__Task to complete__
A line qualifies if it holds the string "dpool". Copy every qualifying line from the records.

(Stored items)
###

Lemma last_exit_left y t :
  walk a x t < y -> (0 < visits y t)%N -> a y (visits y t) = false.
Proof.
elim: t => [|t IH] //=; rewrite walk_step /=.
case: (eqVneq (walk a x t) y) => [->|ne] /=.
  by rewrite addn1; case: (a y _) => //=; lia.
rewrite addn0 => lt_y; apply: IH; move: lt_y; case: (a _ _); lia.
Qed.

Lemma visits_unvisited y t :
  (forall j, (j < t)%N -> walk a x j != y) -> visits y t = 0%N.
Proof.
elim: t => [|t IH] //= H.
by rewrite IH => [|j hj]; [rewrite (negbTE (H t _))|apply: H; lia].
Qed.

Lemma walk_le t : walk a x t <= x + t%:Z.
Proof.
elim: t => [|t IH] /=; first by rewrite addr0.
by rewrite walk_step /=; case: (a _ _); lia.
Qed.

Lemma visits_sum (N t : nat) : (forall j, (j < t)%N -> 0 <= walk a x j < N%:Z) ->
  (\sum_(0 <= y < N) visits y%:Z t)%N = t.
Proof.
elim: t => [|t IH] hN; first by rewrite big1.
rewrite /= big_split /= IH => [|j hj]; last by apply: hN; lia.
have /andP[+ +] := hN t (ltnSn t); case: (walk a x t) => [k|k] //= _ lt_kN.
suff -> : (\sum_(0 <= y < N) (Posz k == y%:Z : nat))%N = 1%N by rewrite addn1.
elim: N lt_kN {hN IH} => [|M IHM] lt_kM; first by lia.
rewrite big_nat_recr //= eqz_nat; case: (ltngtP k M) => [lt_kM'|gt_kM|->].
- by rewrite IHM.
- by lia.
rewrite addn1 big1_seq // => y /andP[_]; rewrite mem_index_iota => /andP[_ lt_yM].
by rewrite eqz_nat gtn_eqF.
Qed.
End Walk.

Section HitImpliesExtinction.
Local Open Scope ring_scope.
Variables (a : arrow_env) (T : nat).
Hypothesis hit_T : walk a 0 T = -1.
Hypothesis before_T : forall t, (t < T)%N -> walk a 0 t != -1.

Lemma left_jumps_first_hit (y : nat) : left_jumps a 0 y T = Zplus a 1 y.
Proof.
elim: y => [|y IH].
  have := crossing_balance a 0 (-1) T.
  rewrite /right_jumps visits_unvisited // cnt_before_small // hit_T.
  by rewrite (_ : -1 + 1 = 0%N :> int) //=; lia.
have balance : right_jumps a 0 y T = left_jumps a 0 (y%:Z + 1) T.
  by have := crossing_balance a 0 y T; rewrite hit_T /=; lia.
have -> : y.+1%:Z = y%:Z + 1 by lia.
rewrite -balance /= -IH /right_jumps /left_jumps Uplus_ends_at_zero //.
rewrite /ends_at_zero; case: (posnP (visits a 0 y T)) => [->//|visited].
by rewrite last_exit_left // hit_T.
Qed.

(* Site T+1 is out of reach before time T, so Z^+ dies by generation T+1. *)
Lemma Zplus_extinct_at_first_hit : Zplus a 1 T.+1 = 0%N.
Proof.
rewrite -left_jumps_first_hit /left_jumps visits_unvisited ?cnt_before_small //.
by move=> j lt_jT; apply/eqP => hj; have := walk_le a 0 j; rewrite hj; lia.
Qed.
End HitImpliesExtinction.
Variables (a b : Rbar) (M : vec3 -> Prop) (N : vec3 -> vec3)
          (alpha T V U : R -> vec3) (kg kn taug : R -> R).
Hypothesis Hcurve : darboux_curve a b M N alpha T V U kg kn taug.

Lemma darboux_V_unit s : in_I a b s -> vnorm (V s) = 1.
Proof.
  destruct Hcurve as [HN Hd]; intro Hs.
  destruct (Hd s Hs) as (HM & _ & HT & HU & HTU & -> & _).
  apply vnorm_cross_unit; [rewrite HU; exact (HN _ HM)|exact HT|exact HTU].
Qed.

Lemma darboux_V_derivable s : in_I a b s -> ex_vderive V s.
Proof.
  destruct Hcurve as [_ Hd]; intro Hs.
  destruct (Hd s Hs) as (_ & _ & _ & _ & _ & _ & _ & (Hx & Hy & Hz) & _).
  split; [|split]; eexists; eassumption.
Qed.

Lemma gammaA_velocity :
  (forall s, in_I a b s -> ex_derive kn s /\ ex_derive (Derive kn) s /\ ex_derive taug s) ->
  (forall s, in_I a b s -> kg s = 0 /\ kn s <> 0 /\ taug s <> 0) ->
  exists h, forall s, in_I a b s ->
    is_vderive (gammaA alpha V U kn taug) s (vscal (h s) (V s)).
Proof.
  destruct Hcurve as [_ Hd]; intros Hdiff Hk.
  set (f t := Derive kn t / (kn t ^ 2 * taug t)).
  exists (fun s => Derive f s - / kn s * taug s); intros s Hs.
  destruct (Hd s Hs) as (_ & Halpha & _ & _ & _ & _ & _ & HV & HU).
  destruct (Hk s Hs) as (Hkg & Hkn & Htaug), (Hdiff s Hs) as (Dkn & DDkn & Dtaug).
  apply (is_vderive_frame_combination alpha T V U kg kn taug f (fun t => / kn t) s
           _ (- Derive kn s / kn s ^ 2)); try assumption.
  - apply Derive_correct; unfold f; auto_derive; repeat split; auto.
    repeat apply Rmult_integral_contrapositive_currified; auto; lra.
  - apply is_derive_inv; [apply Derive_correct|]; assumption.
  - rewrite Hkg; field; assumption.
  - unfold f; field; split; assumption.
Qed.

Lemma gammaB_velocity (c3 : R) (psi Phi : R -> R) :
  (forall s, in_I a b s -> ex_derive kg s /\ ex_derive kn s) ->
  (forall s, in_I a b s -> kg s <> 0) ->
  (forall s, in_I a b s -> is_derive psi s (kn s * taug s / kg s)) ->
  (forall s, in_I a b s -> is_derive Phi s (exp (- psi s) * taug s / kg s)) ->
  exists h, forall s, in_I a b s ->
    is_vderive (gammaB alpha V U kg kn c3 psi Phi) s (vscal (h s) (V s)).
Proof.
  destruct Hcurve as [_ Hd]; intros Hdiff Hkg Hpsi HPhi.
  set (f t := kn t / kg t * exp (psi t) * (Phi t - c3) + / kg t).
  set (g t := exp (psi t) * (c3 - Phi t)).
  exists (fun s => Derive f s - g s * taug s); intros s Hs.
  destruct (Hd s Hs) as (_ & Halpha & _ & _ & _ & _ & _ & HV & HU).
  specialize (Hkg s Hs); destruct (Hdiff s Hs) as (Dkg & Dkn).
  assert (Dpsi := Hpsi s Hs); assert (DPhi := HPhi s Hs).
  apply (is_vderive_frame_combination alpha T V U kg kn taug f g s _
           (exp (psi s) * (kn s * taug s / kg s) * (c3 - Phi s)
            - exp (psi s) * (exp (- psi s) * taug s / kg s))); try assumption.
  - apply Derive_correct; unfold f; auto_derive; repeat split; auto;
      eexists; eassumption.
  - unfold g; auto_derive.
    + repeat split; eexists; eassumption.
    + replace (Derive (fun x => psi x) s) with (kn s * taug s / kg s)
        by (symmetry; apply is_derive_unique; exact Dpsi).
      replace (Derive (fun x => Phi x) s) with (exp (- psi s) * taug s / kg s)
        by (symmetry; apply is_derive_unique; exact DPhi).
      ring.
  - unfold f, g; field; assumption.
  - unfold f, g; rewrite exp_Ropp; field; split; [apply Rgt_not_eq, exp_pos|assumption].
Qed.
(* Let $r\ge1$ and $\mu>0$. The holomorphic map $f:M_{\Delta^r}(\mu)\to\ell^2(\mathbb C)$, $f(z,w)=(\psi_1,\dots,\psi_r,\Psi)$, where for $j=1,\dots,r$ $$\psi_j=\sqrt\mu\left(z_j,\frac{z_j^2}{\sqrt2},\dots,\frac{z_j^k}{\sqrt k},\dots\right),$$ and $\Psi$ has components indexed by $k=(k_1,\dots,k_r)\in\mathbb Z_{\ge0}^r$ and $a\in\mathbb Z_{\ge1}$ given by $$\frac1{\sqrt a}\sqrt{\binom{\mu a+k_1-1}{k_1}\cdots\binom{\mu a+k_r-1}{k_r}}\;z_1^{k_1}\cdots z_r^{k_r}w^a,$$ satisfies $\sum_j|f_j(z,w)|^2=-\log\left(\prod_{j=1}^r(1-|z_j|^2)^\mu-|w|^2\right)$; in particular $f^*\omega_0=\omega_{\Delta^r}(\mu)$.
   Context: $M_{\Delta^r}(\mu)=\{(z,w)\in\Delta^r\times\mathbb C:|w|^2<\prod_{j=1}^r(1-|z_j|^2)^\mu\}$ with Kähler metric $\omega_{\Delta^r}(\mu)=\frac i2\partial\bar\partial\left(-\log\left(\prod_{j}(1-|z_j|^2)^\mu-|w|^2\right)\right)$. $\ell^2(\mathbb C)$ is the Hilbert space of square-summable complex sequences with flat Kähler form $\omega_0=\frac i2\partial\bar\partial\sum_j|x_j|^2$. Binomial coefficients with non-integer top entry are generalized: $\binom{x}{k}=x(x-1)\cdots(x-k+1)/k!$. *)

From HB Require Import structures.
From mathcomp Require Import all_boot all_order all_algebra.
From mathcomp Require Import all_classical all_reals.
From mathcomp Require Import ereal esum exp.
From mathcomp Require Import complex.
Set Implicit Arguments. Unset Strict Implicit. Unset Printing Implicit Defensive.
Import Order.TTheory GRing.Theory Num.Theory.
Local Open Scope ring_scope.
Local Open Scope complex_scope.

Definition cabs2 (R : rcfType) (z : R[i]) : R := complex.Re z ^+ 2 + complex.Im z ^+ 2.

Definition gbinom (R : fieldType) (x : R) (k : nat) : R :=
  (\prod_(i < k) (x - i%:R)) / (k`!)%:R.

Definition in_M (R : realType) (r : nat) (mu : R) (z : 'I_r -> R[i]) (w : R[i]) :=
  (forall j, cabs2 (z j) < 1) /\
  cabs2 w < \prod_(j < r) (1 - cabs2 (z j)) `^ mu.

(* Index set of the components of f:
   inl (j, m)  : the m-th component (m = 0,1,... corresponds to k = m+1) of psi_j;
   inr (k, b)  : the component of Psi indexed by k in Z_{>=0}^r and a = b+1. *)
Definition fidx (r : nat) : Type := ('I_r * nat) + ({ffun 'I_r -> nat} * nat).

Definition f_emb (R : realType) (r : nat) (mu : R) (z : 'I_r -> R[i]) (w : R[i])
    (i : fidx r) : R[i] :=
  match i with
  | inl (j, m) =>
      (Num.sqrt mu / Num.sqrt (m.+1)%:R)%:C * z j ^+ m.+1
  | inr (k, b) =>
      let a := b.+1 in
      ((Num.sqrt (a%:R))^-1 *
        Num.sqrt (\prod_(j < r) gbinom (mu * a%:R + (k j)%:R - 1) (k j)))%:C
      * (\prod_(j < r) z j ^+ k j) * w ^+ a
  end.
(* The rebate of user i is (k/n) V_i, where V_i is the k-th highest bid among
   the other users: V_i = b_{k+1} if i is confirmed and V_i = b_k otherwise.
   Hence the expected utility of i is [i confirmed] (theta_i - V_i) + alpha (k/n) V_i.
   Since V_i does not depend on b_i, the second term is out of i's control and
   the first one is the utility in a (k+1)-st price auction, which is maximised
   (and nonnegative) under truthful bidding.  Summing the rebates gives
   alpha (k/n) (k b_{k+1} + (n - k) b_k), from which both the redistribution
   fraction and the individual rationality of the miner follow. *)

Section DescendingSort.
Variable R : realDomainType.
Implicit Types (s t : seq R) (x : R).

Lemma count_nth_sorted_ge t m :
  sorted (fun x y : R => y <= x) t -> (m < size t)%N ->
  (count (<%R (nth 0%R t m)) t <= m < count (<=%R (nth 0%R t m)) t)%N.
Proof.
move=> t_sorted m_lt; set v := nth 0 t m.
have ge_trans : transitive (fun x y : R => y <= x).
  by move=> x y z /= yx zy; apply: le_trans zy yx.
have nth_ge p q : (q < size t)%N -> (p <= q)%N -> nth 0 t q <= nth 0 t p.
  move=> q_lt p_le_q; apply: (sorted_leq_nth ge_trans (@lexx _ _) 0 t_sorted) => //.
  by rewrite inE (leq_ltn_trans p_le_q q_lt).
apply/andP; split.
  rewrite -(cat_take_drop m t) count_cat.
  have -> : count (<%R v) (drop m t) = 0%N.
    apply/eqP; rewrite -leqn0 leqNgt -has_count; apply/hasPn => y /(nthP 0)[p].
    rewrite size_drop => p_lt <-; rewrite nth_drop /= -leNgt.
    by apply: nth_ge; [rewrite -ltn_subRL | exact: leq_addr].
  by rewrite addn0 (leq_trans (count_size _ _)) // size_takel // ltnW.
rewrite -(cat_take_drop m.+1 t) count_cat.
have : all (<=%R v) (take m.+1 t).
  apply/(all_nthP 0) => p; rewrite size_takel // => p_lt.
  by rewrite nth_take //; apply: nth_ge.
by rewrite all_count => /eqP ->; rewrite size_takel // leq_addr.
Qed.

Lemma nth_sort_ge s m x :
  (count (<%R x) s <= m < count (<=%R x) s)%N ->
  nth 0 (sort (fun x y : R => y <= x) s) m = x.
Proof.
set t := sort _ s; have countE (P : pred R) : count P t = count P s by apply: count_sort.
rewrite -!countE => /andP[gt_x ge_x].
have t_sorted : sorted (fun x y : R => y <= x) t.
  by apply: sort_sorted => y z; apply: le_total.
have m_lt : (m < size t)%N by apply: leq_trans ge_x (count_size _ _).
have /andP[gt_v ge_v] := count_nth_sorted_ge t_sorted m_lt.
case: (ltgtP (nth 0 t m) x) => // [v_lt_x | x_lt_v].
- have : (count (<=%R x) t <= count (<%R (nth 0%R t m)) t)%N.
    by apply: sub_count => y /=; apply: lt_le_trans.
  by move=> /(leq_trans ge_x) /leq_trans /(_ gt_v); rewrite ltnn.
- have : (count (<=%R (nth 0%R t m)) t <= count (<%R x) t)%N.
    by apply: sub_count => y /=; apply: lt_le_trans.
  by move=> /(leq_trans ge_v) /leq_trans /(_ gt_x); rewrite ltnn.
Qed.

End DescendingSort.

Lemma ler_sum_dominated (R : realDomainType) (T : finType) (f : T -> R) (A B : {set T}) :
  (forall x, 0 <= f x) -> (#|A| <= #|B|)%N ->
  (forall a c, a \in A -> c \in B -> f a <= f c) ->
  \sum_(i in A) f i <= \sum_(i in B) f i.
Proof.
move=> f_ge0 AB_card f_AB.
have [->|[a0 a0A]] := set_0Vmem A; first by rewrite big_set0 sumr_ge0.
have [a aA a_max] := arg_maxP f a0A.
apply: (@le_trans _ _ (f a *+ #|A|)).
  by rewrite -sumr_const ler_sum // => x /a_max.
apply: (@le_trans _ _ (f a *+ #|B|)); first exact: ler_wpMn2l.
by rewrite -sumr_const ler_sum // => c /(f_AB _ _ aA).
Qed.
(* The solitary mechanism satisfies weak UIC, weak MIC, and $c$-weak-SCP for every integer $c\ge1$, for any block size $B\ge2$ (finite or infinite).
   Context: Setting (TFM). Each user $i$ has a true value $v_i\ge0$ and submits a single bid $b_i\ge0$. A TFM consists of an inclusion rule (run by the miner, choosing at most $B$ bids to include) and confirmation, payment and miner-revenue rules (run by the blockchain on the included bids). Solitary mechanism: include the two highest bids (a missing bid counts as $0$); only the highest included bid is confirmed, and it pays the second-highest included bid; the miner is paid the second-highest included bid. Strategic players: a user, the miner, or the miner with some users; they may have users bid untruthfully after seeing all bids, inject fake bids (true value $0$), and (if the miner is involved) include any at most $B$ available bids. Weak ($1$-strict) utility: miner revenue (if the miner is in the player) plus $v-p$ for each confirmed transaction of the player (true value $v$, payment $p$), minus $(b-v)$ for each unconfirmed transaction of the player with bid $b>v$. Weak UIC: with an honest miner, each user's weak utility is maximized by truthful bidding without fake bids, whatever the other bids. Weak MIC: the miner's weak utility is maximized by honestly following the inclusion rule without fake bids, whatever the bids. $c$-weak-SCP: for every coalition of the miner with between $1$ and $c$ users, joint weak utility is maximized by truthful bidding and honest miner behavior, whatever the other bids. *)

From mathcomp Require Import all_boot all_order all_algebra.
Set Implicit Arguments. Unset Strict Implicit. Unset Printing Implicit Defensive.
Import Order.TTheory GRing.Theory Num.Theory.
Local Open Scope ring_scope.

Section TFM.
Variable R : realFieldType.

(* A bid entry: (bid amount, owner).  owner = None : an honest outside user;
   owner = Some v : a transaction of the strategic player with true value v
   (fake bids are player transactions with true value 0). *)
Definition entry := (R * option R)%type.

Definition ge_amt (x y : entry) : bool := y.1 <= x.1.

(* Block size: Some n (finite n) or None (infinite). *)
Definition fits (B : option nat) (n : nat) : bool :=
  if B is Some b then (n <= b)%N else true.

(* Honest inclusion rule: include the two highest bids (stable sort of the
   pool; ties are broken by the position in the pool). *)
Definition honest_block (pool : seq entry) : seq entry :=
  take 2 (sort ge_amt pool).

Definition confirmed (blk : seq entry) : option entry := ohead (sort ge_amt blk).

Definition payment (blk : seq entry) : R := (nth (0, None) (sort ge_amt blk) 1).1.

Definition miner_revenue (blk : seq entry) : R := payment blk.

Definition unconfirmed (pool blk : seq entry) : seq entry :=
  if confirmed blk is Some e then rem e pool else pool.

Definition overbid (e : entry) : R :=
  if e.2 is Some v then (if v < e.1 then e.1 - v else 0) else 0.

Definition weak_util (miner_in : bool) (pool blk : seq entry) : R :=
  (if miner_in then miner_revenue blk else 0)
  + (match confirmed blk with Some (_, Some v) => v - payment blk | _ => 0 end)
  - \sum_(e <- unconfirmed pool blk) overbid e.

(* a block the (possibly strategic) miner may choose: at most B bids drawn
   from the available bids (each at most once), in any order *)
Definition valid_block (B : option nat) (pool blk : seq entry) : Prop :=
  fits B (size blk) /\ exists m : bitseq, perm_eq blk (mask m pool).

Definition nonneg (x : R) : bool := 0 <= x.

Definition tag_out (others : seq R) : seq entry := [seq (x, None) | x <- others].

Definition truthful_pool (others vs : seq R) : seq entry :=
  tag_out others ++ [seq (v, Some v) | v <- vs].

Definition dev_pool (others : seq R) (bvs : seq (R * R)) (fakes : seq R)
  : seq entry :=
  tag_out others ++ [seq (p.1, Some p.2) | p <- bvs]
                 ++ [seq (f, Some 0) | f <- fakes].

(* Weak UIC (honest miner, a single strategic user). The order of the pool
   (which only affects tie-breaking) is arbitrary in both scenarios. *)
Definition weak_UIC : Prop :=
  forall (v b : R) (others fakes : seq R) (hpool dpool : seq entry),
    0 <= v -> 0 <= b -> all nonneg others -> all nonneg fakes ->
    perm_eq hpool (truthful_pool others [:: v]) ->
    perm_eq dpool (dev_pool others [:: (b, v)] fakes) ->
    weak_util false dpool (honest_block dpool)
      <= weak_util false hpool (honest_block hpool).

Definition weak_MIC (B : option nat) : Prop :=
  forall (others fakes : seq R) (hpool dpool blk : seq entry),
    all nonneg others -> all nonneg fakes ->
    perm_eq hpool (truthful_pool others [::]) ->
    perm_eq dpool (dev_pool others [::] fakes) ->
    valid_block B dpool blk ->
    weak_util true dpool blk <= weak_util true hpool (honest_block hpool).

Definition c_weak_SCP (B : option nat) (c : nat) : Prop :=
  forall (vs bs others fakes : seq R) (hpool dpool blk : seq entry),
    (1 <= size vs <= c)%N -> size bs = size vs ->
    all nonneg vs -> all nonneg bs -> all nonneg others -> all nonneg fakes ->
    perm_eq hpool (truthful_pool others vs) ->
    perm_eq dpool (dev_pool others (zip bs vs) fakes) ->
    valid_block B dpool blk ->
    weak_util true dpool blk <= weak_util true hpool (honest_block hpool).

End TFM.

(* The honest block yields the same outcome as the whole pool: the highest bid
   wins and pays the second-highest one.  Truthful bids are never penalised, so
   the honest joint utility of a miner-user coalition is the top bid when the
   coalition owns it and the second-highest bid otherwise; either way it is at
   least 0, every true value of the coalition, and the second-highest outside
   bid.  In any block a deviating miner may build, a confirmed coalition bid
   yields at most its true value (0 for a fake bid), while a confirmed outside
   bid pays the block's second bid, which is bounded by its owner's true value
   after the overbidding penalty if it belongs to the coalition, and by the
   second-highest outside bid otherwise.  For a lone user the honest utility is
   max(0, v - h), h the highest outside bid, and a deviating user who wins pays
   at least h. *)

From mathcomp Require Import all_boot all_order all_algebra.
Set Implicit Arguments. Unset Strict Implicit. Unset Printing Implicit Defensive.
Import Order.TTheory GRing.Theory Num.Theory.
Local Open Scope ring_scope.

Section SubMultiset.
Variable T : eqType.
Implicit Types s t u : seq T.

Lemma count_mem_gt0 x s : (0 < count_mem x s)%N = (x \in s).
Proof. by rewrite -has_count has_pred1. Qed.

Definition submset s t := forall x, (count_mem x s <= count_mem x t)%N.

Lemma submset_trans t s u : submset s t -> submset t u -> submset s u.
Proof. by move=> st tu x; apply: leq_trans (st x) (tu x). Qed.

Lemma subseq_submset s t : subseq s t -> submset s t.
Proof. by move=> st x; apply: leq_count_subseq. Qed.

Lemma perm_submset s t : perm_eq s t -> submset s t.
Proof. by move/permP=> st x; rewrite st. Qed.

Lemma mem_submset s t x : submset s t -> x \in s -> x \in t.
Proof. by move=> st; rewrite -!count_mem_gt0 => /leq_trans; apply. Qed.

Lemma submset_filter (P : pred T) s t : all P s -> submset s t -> submset s (filter P t).
Proof.
move=> /allP sP st x; rewrite count_filter.
have [xs|xNs] := boolP (x \in s).
  by rewrite (@eq_count _ _ (pred1 x)) ?st // => y /=; case: eqP => // ->; rewrite sP.
by move: xNs; rewrite -has_pred1 has_count -leqNgt leqn0 => /eqP ->.
Qed.

Lemma submset_pair s x y : x != y -> x \in s -> y \in s -> submset [:: x; y] s.
Proof.
move=> xy xs ys z /=; rewrite addn0.
have [<-|_] := eqVneq x z; first by rewrite eq_sym (negPf xy) count_mem_gt0.
by case: eqP => [<-|_]; rewrite ?count_mem_gt0.
Qed.

Lemma submset_pair_cons e f a u :
  submset [:: e; f] (a :: u) -> e \in u \/ (e = a /\ f \in u).
Proof.
move=> efu; have [|eNu] := boolP (e \in u); [by left | right].
have cu : count_mem e u = 0%N by apply/count_memPn.
have ea : e = a.
  move: (efu e) => /=; rewrite eqxx cu addn0.
  by have [->|] := eqVneq e a.
split=> //; move: (efu f) => /=.
by rewrite ea eqxx addn0 leq_add2l count_mem_gt0.
Qed.

End SubMultiset.

Section SortedMaxima.
Variables (T : eqType) (r : rel T).
Hypotheses (r_total : total r) (r_trans : transitive r).
Implicit Types s t : seq T.

Let r_refl : reflexive r.
Proof. by move=> x; case/orP: (r_total x x). Qed.

Let submset_sort s : submset s (sort r s).
Proof. by apply: perm_submset; rewrite perm_sym perm_sort. Qed.

Lemma sort_head_max s a t y : sort r s = a :: t -> y \in s -> r a y.
Proof.
move=> sE; rewrite -(mem_sort r) sE inE => /predU1P[-> //|yt].
have := sort_sorted r_total s; rewrite sE => /(order_path_min r_trans)/allP.
exact.
Qed.

Lemma sort_top_pair s e f t :
  sort r s = e :: f :: t -> submset [:: e; f] s /\ r e f.
Proof.
move=> sE; split; last by have := sort_sorted r_total s; rewrite sE => /andP[].
apply: (submset_trans (t := sort r s)); last first.
  by apply: perm_submset; rewrite perm_sort.
by rewrite sE; apply: subseq_submset; apply: (prefix_subseq [:: e; f]).
Qed.

Lemma sort_second_max s e f x0 :
  submset [:: e; f] s -> r e f -> r (nth x0 (sort r s) 1) f.
Proof.
move=> /submset_trans /(_ (submset_sort s)) efs ref.
have := sort_sorted r_total s.
case: (sort r s) efs => [|a [|b t]] efs.
- by have := mem_submset efs (mem_head e [:: f]).
- by case: (submset_pair_cons efs) => [|[]].
move=> /= /andP[_ /(order_path_min r_trans)/allP bt].
have b_max y : y \in b :: t -> r b y by rewrite inE => /predU1P[->|/bt].
by case: (submset_pair_cons efs) => [/b_max/r_trans|[_ /b_max]]; apply.
Qed.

###

__Answer__
  forall (v b : R) (others fakes : seq R) (hpool dpool : seq entry),
    perm_eq dpool (dev_pool others [:: (b, v)] fakes) ->
    weak_util false dpool (honest_block dpool)
  forall (others fakes : seq R) (hpool dpool blk : seq entry),
    perm_eq dpool (dev_pool others [::] fakes) ->
    valid_block B dpool blk ->
    weak_util true dpool blk <= weak_util true hpool (honest_block hpool).
  forall (vs bs others fakes : seq R) (hpool dpool blk : seq entry),
    perm_eq dpool (dev_pool others (zip bs vs) fakes) ->
    valid_block B dpool blk ->
    weak_util true dpool blk <= weak_util true hpool (honest_block hpool).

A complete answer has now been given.